27/01/2023
Se não estivermos atentos, podemos dar por nós presos aos nossos próprios estereótipos.
Um produto poderá ser inconveniente para nós, mas, e quanto aos outros? As funcionalidades "práticas" dos produtos da Sony tornam-nos acessíveis a mais pessoas?
Para que os funcionários tenham em consideração estes pontos de vista e estas questões enquanto desenvolvem produtos e serviços, a Sony organiza com frequência workshops de design inclusivo para os seus funcionários.
Aqui, seguimos dois novos funcionários da Sony num dia em que passam algum tempo com um lead user que é deficiente visual.
Para esta entrevista, contamos com a presença de Hironori Sato, um baterista profissional com deficiência visual, e dos novos funcionários da Sony, Rin Ito e Rikushi Sabu.
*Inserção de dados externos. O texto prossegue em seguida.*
Lemma mtyped0_perm (D : env) (w : tm) (M M' : mset) (m : nat) :
  Permutation M M' -> mtyped0 D w M m -> mtyped0 D w M' m.
Proof.
  intro HP. revert D m. induction HP as [| |s s' M|]; intros D m H; auto.
  - apply mtyped0_cons_inv in H as [D1 [D2 [n [m0 [Ht [HM [E ->]]]]]]].
    econstructor; eauto.
  - apply mtyped0_cons_inv in H as [D1 [D2 [n [m0 [Ht [HM [E ->]]]]]]].
    apply mtyped0_cons_inv in HM as [D3 [D4 [n' [m1 [Ht' [HM' [E' ->]]]]]]].
    replace (n + (n' + m1)) with (n' + (n + m1)) by lia.
    econstructor; [exact Ht' | econstructor; [exact Ht | exact HM' | reflexivity] |].
    rewrite E, E', !env_union_assoc, (env_union_comm D1 D3). reflexivity.
Qed.

Lemma mtyped0_Forall2_teq (D : env) (w : tm) (M M' : mset) (m : nat) :
  Forall2 teq M M' -> mtyped0 D w M m -> mtyped0 D w M' m.
Proof.
  intro HF. revert D m. induction HF as [|s s' M M' Hs _ IH]; intros D m H; [exact H |].
  apply mtyped0_cons_inv in H as [D1 [D2 [n [m0 [Ht [HM [E ->]]]]]]].
  econstructor; [eapply t_eq; [exact Ht | reflexivity | exact Hs] | apply IH, HM | exact E].
Qed.

Lemma mtyped0_meq (D : env) (w : tm) (M M' : mset) (m : nat) :
  meq M M' -> mtyped0 D w M m -> mtyped0 D w M' m.
Proof.
  intros [P [HP HF]]%meq_iff H.
  eapply mtyped0_Forall2_teq; [exact HF | eapply mtyped0_perm; eauto].
Qed.

Lemma mtyped_mtyped0 (G : env) (t : tm) (M : mset) (n : nat) :
  mtyped G t M n -> mtyped0 G t M n.
Proof.
  induction 1 as [G t s n Ht | G D t s M n m Ht _ IH].
  - rewrite <- (Nat.add_0_r n).
    econstructor; [exact Ht | constructor; reflexivity |]. symmetry. apply env_union_empty_r.
  - econstructor; [exact Ht | exact IH | reflexivity].
Qed.

Lemma mtyped0_lift (D : env) (w : tm) (M : mset) (m : nat) (d c : nat) :
  mtyped0 D w M m -> mtyped0 (env_lift d c D) (lift d c w) M m.
Proof.
  induction 1 as [D w HD | D D1 D2 w s M n m Ht _ IH HD].
  - constructor. rewrite HD. intro y; env_unfold; nat_cases.
  - econstructor; [apply (proj1 typed_lift), Ht | exact IH |].
    rewrite HD. apply env_lift_union.
Qed.

Lemma typed_subst_var (x k : nat) (s : ty) (u : tm) (Dw : env) (m : nat) :
  mtyped0 Dw (lift k 0 u) (env_single x s k) m ->
  exists n', n' + length (env_single x s k) = 1 + m /\
             typed (env_union (env_remove k (env_single x s)) Dw) (subst k u (Var x)) s n'.
Proof.
  unfold env_single at 1 2. simpl subst. intro H.
  destruct (Nat.eqb_spec k x) as [<-|Hkx].
  - rewrite Nat.ltb_irrefl, Nat.eqb_refl.
    apply mtyped0_cons_inv in H as [D1 [D2 [n0 [m0 [Ht [HM [E ->]]]]]]].
    apply mtyped0_nil_inv in HM as [E2 ->].
    exists n0. split; [simpl; lia |].
    eapply t_eq; [exact Ht | | reflexivity].
    rewrite E, E2, env_union_empty_r. intro y; env_unfold; nat_cases.
  - apply mtyped0_nil_inv in H as [E ->].
    exists 1. split; [simpl; lia |].
    rewrite E, env_union_empty_r.
    destruct (Nat.ltb_spec x k); [| destruct (Nat.eqb_spec x k); [congruence |]];
      (eapply t_eq; [apply t_var | | reflexivity]); intro y; env_unfold; nat_cases.
Qed.

Lemma typed_subst :
  (forall G t s n, typed G t s n ->
     forall k u Dw m, mtyped0 Dw (lift k 0 u) (G k) m ->
     exists n', n' + length (G k) = n + m /\
                typed (env_union (env_remove k G) Dw) (subst k u t) s n') /\
  (forall G t M n, mtyped G t M n ->
     forall k u Dw m, mtyped0 Dw (lift k 0 u) (G k) m ->
     exists G' n', env_eq G' (env_union (env_remove k G) Dw) /\
                   n' + length (G k) = n + m /\ mtyped G' (subst k u t) M n').
Proof.
  assert (Hlift1 : forall Dw k u M m, mtyped0 Dw (lift k 0 u) M m ->
                   mtyped0 (env_lift 1 0 Dw) (lift (S k) 0 u) M m).
  { intros Dw k u M m H. change (S k) with (1 + k). rewrite <- lift_lift. apply mtyped0_lift, H. }
  assert (Hbinder : forall k M G Dw,
             env_eq (env_union (env_remove (S k) (env_ext M G)) (env_lift 1 0 Dw))
                    (env_ext M (env_union (env_remove k G) Dw))).
  { intros. rewrite env_remove_ext. apply env_ext_union_lift1. }
  apply typed_mtyped_ind.
  - intros x s k u Dw m H. exact (typed_subst_var x k s u Dw m H).
  - intros G M t s n _ IH k u Dw m H.
    destruct (IH (S k) u _ m (Hlift1 _ _ _ _ _ H)) as [n' [Hn Ht']].
    exists (S n'). split; [simpl in Hn; lia |].
    apply t_abs. eapply t_eq; [exact Ht' | apply Hbinder | reflexivity].
  - intros G D L t u r s ps Mt Mu n1 n2 n3 Hc1 Hc2 _ IHt _ IHu _ IHr k w Dw m H.
    apply mtyped0_app_inv in H as [D1 [Dx [m1 [mx [H1 [Hx [E1 ->]]]]]]].
    apply mtyped0_app_inv in Hx as [D2 [D3 [m2 [m3 [H2 [H3 [E2 ->]]]]]]].
    destruct (IHt k w D1 m1 H1) as [G1' [n1' [EG1 [Hn1 Ht']]]].
    destruct (IHu k w D2 m2 H2) as [G2' [n2' [EG2 [Hn2 Hu']]]].
    destruct (IHr (S k) w _ m3 (Hlift1 _ _ _ _ _ H3)) as [n3' [Hn3 Hr']].
    exists (S (n1' + n2' + n3')). split.
    + simpl in Hn3. unfold env_union. rewrite !length_app. lia.
    + eapply t_eq;
        [eapply t_app; [exact Hc1 | exact Hc2 | exact Ht' | exact Hu' |] | | reflexivity].
      * eapply t_eq; [exact Hr' | apply Hbinder | reflexivity].
      * rewrite EG1, EG2, E1, E2, !env_remove_union. intro y; env_unfold; meq_solve.
  - intros G G' t s s' n _ IH E Hs k u Dw m H.
    destruct (IH k u Dw m (mtyped0_meq _ _ _ _ _ (symmetry (E k)) H)) as [n' [Hn Ht']].
    exists n'. split; [rewrite <- (meq_length _ _ (E k)); exact Hn |].
    eapply t_eq; [exact Ht' | rewrite E; reflexivity | exact Hs].
  - intros G t s n _ IH k u Dw m H.
    destruct (IH k u Dw m H) as [n' [Hn Ht']].
    exists (env_union (env_remove k G) Dw), n'.
    repeat split; [reflexivity | exact Hn | constructor; exact Ht'].
  - intros G D t s M n m0 _ IHt _ IHM k u Dw m H.
    apply mtyped0_app_inv in H as [D1 [D2 [m1 [m2 [H1 [H2 [E ->]]]]]]].
    destruct (IHt k u D1 m1 H1) as [n' [Hn Ht']].
    destruct (IHM k u D2 m2 H2) as [G' [n'' [EG [Hn' HM']]]].
    exists (env_union (env_union (env_remove k G) D1) G'), (n' + n''). repeat split.
    + rewrite EG, E, env_remove_union. intro y; env_unfold; meq_solve.
    + unfold env_union. rewrite length_app. lia.
    + constructor; assumption.
Qed.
Rin trabalhou com Hironori no workshop, enquanto Rikushi trabalhou com Maito Wakui, que se desloca numa cadeira de rodas.
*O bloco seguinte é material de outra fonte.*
Lemma hbound_scale : B * rho ^+ (r - 1) = r%:R.
Proof.
rewrite /hbound_over /rho /a !natrX expr_div_n.
have -> : (r%:R : R) ^+ r = r%:R * r%:R ^+ (r - 1) by rewrite -exprS; congr (_ ^+ _); lia.
by field; rewrite !expf_neq0 // pnatr_eq0; lia.
Qed.

Lemma hbound_gt1 : 1 < B.
Proof.
rewrite /hbound_over ltr_pdivlMr ?ltr0n ?expn_gt0; last by apply/orP; left; lia.
rewrite mul1r ltr_nat (@leq_ltn_trans (r ^ (r - 1))) ?leq_exp2r ?ltn_exp2l //; lia.
Qed.

(* The scaling gives both recurrences the same constant coefficients, by hbound_scale. *)
Let T n l : R := (hpoly_over R r l n).[B] / (a ^+ n * rho ^+ l).

Let T_recS n l : (l.+1 < r)%N ->
  T n.+1 l.+1 = r%:R / a * T n.+1 l - a^-1 * T n l.+1.
Proof.
move=> hl; rewrite /T hpoly_over_recS hornerD hornerN !exprS /rho.
have := a_gt0; rewrite lt0r => /andP[a_neq0 _].
by field; rewrite a_neq0 r_neq0 !expf_neq0 // mulf_neq0 // invr_eq0.
Qed.

Let T_rec0 n : T n.+1 0 = r%:R / a * T n r.-1 - a^-1 * T n 0.
Proof.
rewrite /T hpoly_over_rec0; last lia.
rewrite hornerD hornerN (mulrC 'X) hornerMX -hbound_scale.
have -> : r.-1 = (r - 1)%N by lia.
rewrite !expr0 !mulr1 exprS.
have := a_gt0; rewrite lt0r => /andP[a_neq0 _].
have := rho_gt0; rewrite lt0r => /andP[rho_neq0 _].
by field; rewrite a_neq0 !expf_neq0.
Qed.

Lemma hpoly_over_gt0_at_bound l n : (l < r)%N -> 0 < (hpoly_over R r l n).[B].
Proof.
move=> hl; pose t := lexseq r T.
have t_rec N : t (N + r)%N - t (N + r.-1)%N = (t (N + r.-1)%N - t N) / a.
  rewrite /t (@lexseq_rec _ r T _ _ _ (ltnW r_gt1) T_recS T_rec0).
  have := a_gt0; rewrite lt0r => /andP[a_neq0 _].
  have -> : (r%:R : R) = a + 1 by rewrite /a natrB ?subrK //; lia.
  by rewrite if_same; field.
have t_small k : (k < r)%N -> t k = rho ^- k.
  by move=> hk; rewrite /t /lexseq divn_small ?modn_small // /T hpoly_over_n0 hornerC !mul1r.
have t_init k : (k.+1 < r)%N -> t k < t k.+1.
  move=> hk; rewrite (t_small k (ltnW hk)) (t_small k.+1 hk).
  rewrite exprS invfM ltr_pMl ?invr_gt0 ?exprn_gt0 //.
  by rewrite invf_gt1 // ltr_pdivrMr ?ltr0n 1?ltnW // mul1r ltr_nat; lia.
have t_incr := increasing_of_increment_rec r_gt1 a_gt0 t_rec t_init.
have t_pos : 0 < t (n * r + l)%N.
  rewrite (@lt_le_trans _ _ (t 0%N)) //; first by rewrite t_small ?expr0 ?invr1 //; lia.
  case: (n * r + l)%N => // N; apply: ltW; exact: (homo_ltn lt_trans t_incr).
move: t_pos; rewrite /t lexseqE // /T.
by rewrite pmulr_lgt0 // invr_gt0 mulr_gt0 ?exprn_gt0.
Qed.

End PositiveAtBound.

Definition hpoly_seq (R : comNzRingType) (r : nat) : nat -> {poly R} :=
  lexseq r (fun n l => hpoly_over R r l n).

Section Interlacing.
Variables (R : rcfType) (r : nat).
Hypothesis r_gt1 : (1 < r)%N.

Local Notation P := (hpoly_seq R r).
Local Notation B := (hbound_over R r).
Let r_gt0 : (0 < r)%N. Proof. exact: ltnW. Qed.

Lemma hpoly_seq_rec N :
  P (N + r)%N = (if (r %| N)%N then 'X else 1) * P (N + r.-1)%N - P N.
Proof.
have recS n l : (l.+1 < r)%N -> hpoly_over R r l.+1 n.+1 =
    1 * hpoly_over R r l n.+1 - 1 * hpoly_over R r l.+1 n.
  by move=> _; rewrite !mul1r hpoly_over_recS.
have rec0 n : hpoly_over R r 0 n.+1 = 'X * hpoly_over R r r.-1 n - 1 * hpoly_over R r 0 n.
  by rewrite mul1r hpoly_over_rec0.
by rewrite /hpoly_seq (lexseq_rec r_gt0 recS rec0) mul1r.
Qed.

Lemma size_hpoly_seq N : size (P N) = (N %/ r)%N.+1.
Proof. exact: size_hpoly_over. Qed.

Lemma hpoly_seq_monic N : P N \is monic.
Proof. exact: hpoly_over_monic. Qed.

Lemma hpoly_seq_gt0_at_bound N : 0 < (P N).[B].
Proof. by apply: hpoly_over_gt0_at_bound => //; rewrite ltn_pmod. Qed.

Lemma hpoly_seq_next N :
  P (N.+1 + r)%N = (if (r %| N.+1)%N then 'X else 1) * P (N + r)%N - P N.+1.
Proof. by rewrite hpoly_seq_rec addSnnS prednK. Qed.

Lemma divn_addr_self N : ((N + r) %/ r = (N %/ r)%N.+1)%N.
Proof. by rewrite divnDr // divnn r_gt0 addn1. Qed.

(* The roots of P_{N+i}, i <= r, are the x b i with b below its degree: row b holds the
   (b+1)-st largest roots.  Entries of the last row beyond that degree are placeholders that
   only keep the grid sorted. *)
Definition window N (x : nat -> nat -> R) :=
  [/\ grid_sorted r (N %/ r)%N.+1 x, 0 < x (N %/ r)%N 0%N, x 0%N r < B &
      forall i, (i <= r)%N -> P (N + i)%N = \prod_(b < ((N + i) %/ r)%N) ('X - (x b i)%:P)].

Section Window.
Variables (N : nat) (x : nat -> nat -> R).
Hypothesis x_window : window N x.

Lemma window_last : P (N + r)%N = \prod_(b < (N %/ r)%N.+1) ('X - (x b r)%:P).
Proof. by case: x_window => _ _ _ ->; rewrite ?divn_addr_self. Qed.

Lemma window_next : P N.+1 = \prod_(b < (N.+1 %/ r)%N) ('X - (x b 1%N)%:P).
Proof. by case: x_window => _ _ _; rewrite -addn1 => ->. Qed.

Lemma window_bounds b i : (b <= N %/ r)%N -> (i <= r)%N -> 0 < x b i < B.
Proof.
case: x_window => xs x_pos x_lt_B _ bn ir.
have /andP[lo hi] := grid_bounds xs bn ir.
by rewrite (lt_le_trans x_pos lo) (le_lt_trans hi x_lt_B).
Qed.

Let n := (N %/ r)%N.
Let d := (N.+1 %/ r)%N.

Let d_eq : d = ((r %| N.+1) + n)%N.
Proof. exact: divnS. Qed.

Let lt_d_le_n j : (j < d)%N -> (j <= n)%N.
Proof. by rewrite d_eq; case: (r %| N.+1)%N => /=; lia. Qed.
São utilizadas alcunhas nos workshops, Hironori Sato como "Sato," Rin Ito como "Rin," e Rikushl Sabu como "Sabu." (Estas alcunhas são utilizadas abaixo.)
Agora que o workshop foi apresentado na parte 1, na parte 2 voltamos para perguntar a estes três participantes o que acharam.
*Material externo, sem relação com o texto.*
(* Let $\mathcal G$ be a Lie superalgebra over a field of characteristic zero, with a direct sum decomposition $\mathcal G=\mathcal H\oplus\mathcal E$ of vector spaces where $\mathcal H$ is a subalgebra. Let $\mathcal S$, the projections $A\mapsto A_{\mathcal H}$, and the extended bracket $[\cdot,\cdot]$ be as described below. Then for any $A,B\in\mathcal S$, $[A_{\mathcal H},B_{\mathcal H}]=[A_{\mathcal H},B_{\mathcal H}]_{\mathcal H}$. Thus the subspace $\mathcal S_{\mathcal H}$ of the Lie superalgebra $(\mathcal S,[\cdot,\cdot])$ is a subalgebra.
   Context: Set $\mathcal U_1=\mathcal G$ with its $\mathbb Z_2$-grading. For $p\ge1$ define recursively $\mathcal U_{-p+1}=\mathrm{Hom}(\mathcal U_1,\mathcal U_{-p+2})$, $\mathbb Z_2$-graded by declaring $A$ even (resp. odd) if it preserves (resp. reverses) parity; $|u|$ is the parity of a homogeneous element. Elements of $\mathcal U_{1-p}$ are operators of order $p$ (elements of $\mathcal G$ have order $0$), identified for $p\ge1$ with $p$-linear maps $A(x_1,\dots,x_p)=A(x_1)\cdots(x_p)$; $\mathcal U_{1-}=\bigoplus_{p\ge0}\mathcal U_{1-p}$. An operator of order $p\ge2$ is symmetric if $A(\dots,x_i,x_{i+1},\dots)=(-1)^{|x_i||x_{i+1}|}A(\dots,x_{i+1},x_i,\dots)$ for all homogeneous arguments and all $i$; operators of order $0$ or $1$ are symmetric; $\mathcal S$ is the span of symmetric operators. Define $\circ$: $A\circ y=A(y)$, $y\circ A=0$ for $A$ of order $\ge1$, $y\in\mathcal U_1$; for $A,B$ of orders $\ge1$, recursively $(A\circ B)(x)=A\circ B(x)+(-1)^{|B||x|}A(x)\circ B$. Define $\bullet$: $A_p\bullet B_q=\frac{p!q!}{(p+q-1)!}A_p\circ B_q$ for orders $p,q\ge1$; $A_p\bullet x=pA_p(x)$, $x\bullet A_p=0$, $x\bullet y=0$ for $x,y\in\mathcal U_1$. The bracket of $\mathcal G$ extends to $\mathcal U_{1-}$: on $\mathcal G$ it is the given bracket, and for operators $A,B$ of orders $p,q$ with $p+q\ge1$, $[A,B]$ is the operator of order $p+q$ defined recursively by $[A,B]\bullet x=[A,B\bullet x]+(-1)^{|x||B|}[A\bullet x,B]$ for all $x\in\mathcal G$; $\mathcal S$ is closed under this bracket. For $x\in\mathcal G$ write $x=x_{\mathcal H}+x_{\mathcal E}$ with $x_{\mathcal H}\in\mathcal H$, $x_{\mathcal E}\in\mathcal E$. For an operator $A$ of order $\ge1$ define $A_{\mathcal H},A_{\mathcal E}$ recursively by $A_{\mathcal H}\bullet x=(A\bullet x)_{\mathcal H}$, $A_{\mathcal E}\bullet x=(A\bullet x)_{\mathcal E}$ for all $x\in\mathcal G$ (equivalently $A_{\mathcal H}(x_1,\dots,x_p)=(A(x_1,\dots,x_p))_{\mathcal H}$, similarly for $\mathcal E$). $\mathcal S_{\mathcal H}$ (resp. $\mathcal S_{\mathcal E}$) is the span of all $A_{\mathcal H}$ (resp. $A_{\mathcal E}$) with $A\in\mathcal S$. *)

From HB Require Import structures.
From mathcomp Require Import all_boot all_order all_algebra.
Set Implicit Arguments. Unset Strict Implicit. Unset Printing Implicit Defensive.
Import Order.TTheory GRing.Theory Num.Theory.
Local Open Scope ring_scope.

(* Conventions:
   - G : lmodType K is the underlying vector space; its Z2-grading is given by
     the two parity projections  par false  (onto G_0) and  par true (onto G_1).
   - br : G -> G -> G is the super bracket.
   - The decomposition G = H (+) E is given by the projection pH : x |-> x_H
     (H = image of pH, E = kernel of pH, x_E = x - x_H).
   - An operator of order p is a p-linear map G^p -> G, represented as a
     function  Op := seq G -> G  of which only the values on sequences of
     length p matter; A(x1,...,xp) = A [:: x1; ...; xp] = A(x1)...(xp).
     An operator of order 0 (an element g of G = U_1) is the function whose
     value at [::] is g.
   - An element of U_{1-} = (+)_p U_{1-p} is a finitely supported family
     A : nat -> Op whose p-th component is an operator of order p. *)

Section SuperDefs.
Variable K : fieldType.
Variable G : lmodType K.

Definition Op := seq G -> G.

Definition is_grading (par : bool -> G -> G) : Prop :=
  [/\ forall b, linear (par b),
      forall b x, par b (par b x) = par b x,
      forall b x, par b (par (~~ b) x) = 0
    & forall x, par false x + par true x = x].

Definition homog (par : bool -> G -> G) (b : bool) (x : G) : Prop :=
  par b x = x.

Definition sgn (b : bool) : K := (-1) ^+ b.

Definition is_lie_superalgebra (par : bool -> G -> G) (br : G -> G -> G) : Prop :=
  is_grading par /\
  [/\ forall y, linear (br ^~ y),
      forall x, linear (br x),
      forall a b x y, homog par a x -> homog par b y -> homog par (a (+) b) (br x y),
      forall a b x y, homog par a x -> homog par b y ->
        br x y = - (sgn (a && b) *: br y x)
    &
      forall a b x y z, homog par a x -> homog par b y ->
        br x (br y z) = br (br x y) z + sgn (a && b) *: br y (br x z)].

Definition is_subalgebra_decomp (par : bool -> G -> G) (br : G -> G -> G)
    (pH : G -> G) : Prop :=
  [/\ linear pH,
      forall x, pH (pH x) = pH x,
      forall b x, pH (par b (pH x)) = par b (pH x)
    &
      forall x y, pH (br (pH x) (pH y)) = br (pH x) (pH y)].

Definition multilinear (p : nat) (A : Op) : Prop :=
  forall (xs ys : seq G) (k : K) (x y : G), ((size xs + size ys).+1 = p)%N ->
    A (xs ++ (k *: x + y) :: ys) = k *: A (xs ++ x :: ys) + A (xs ++ y :: ys).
ー Sato, recorda-nos o que é um "lead user" neste contexto.
[Sato]
Em poucas palavras, os lead users são aqueles que experimentam as coisas antes de todos os outros. Todos nós acabamos, eventualmente, por sofrer limitações físicas à medida que envelhecemos — dificuldade em ver ou andar, por exemplo — mas alguns de nós já vivem com essas limitações, quer desde o nascimento quer a partir de algum momento em nossas vidas.
As pessoas com deficiência podem conhecer muito bem os problemas que surgem com o envelhecimento. Os próprios idosos ou as pessoas com deficiência que atuam como facilitadores nos workshops de design inclusivo são designados por "lead users" porque ajudam a traçar um rumo para o futuro.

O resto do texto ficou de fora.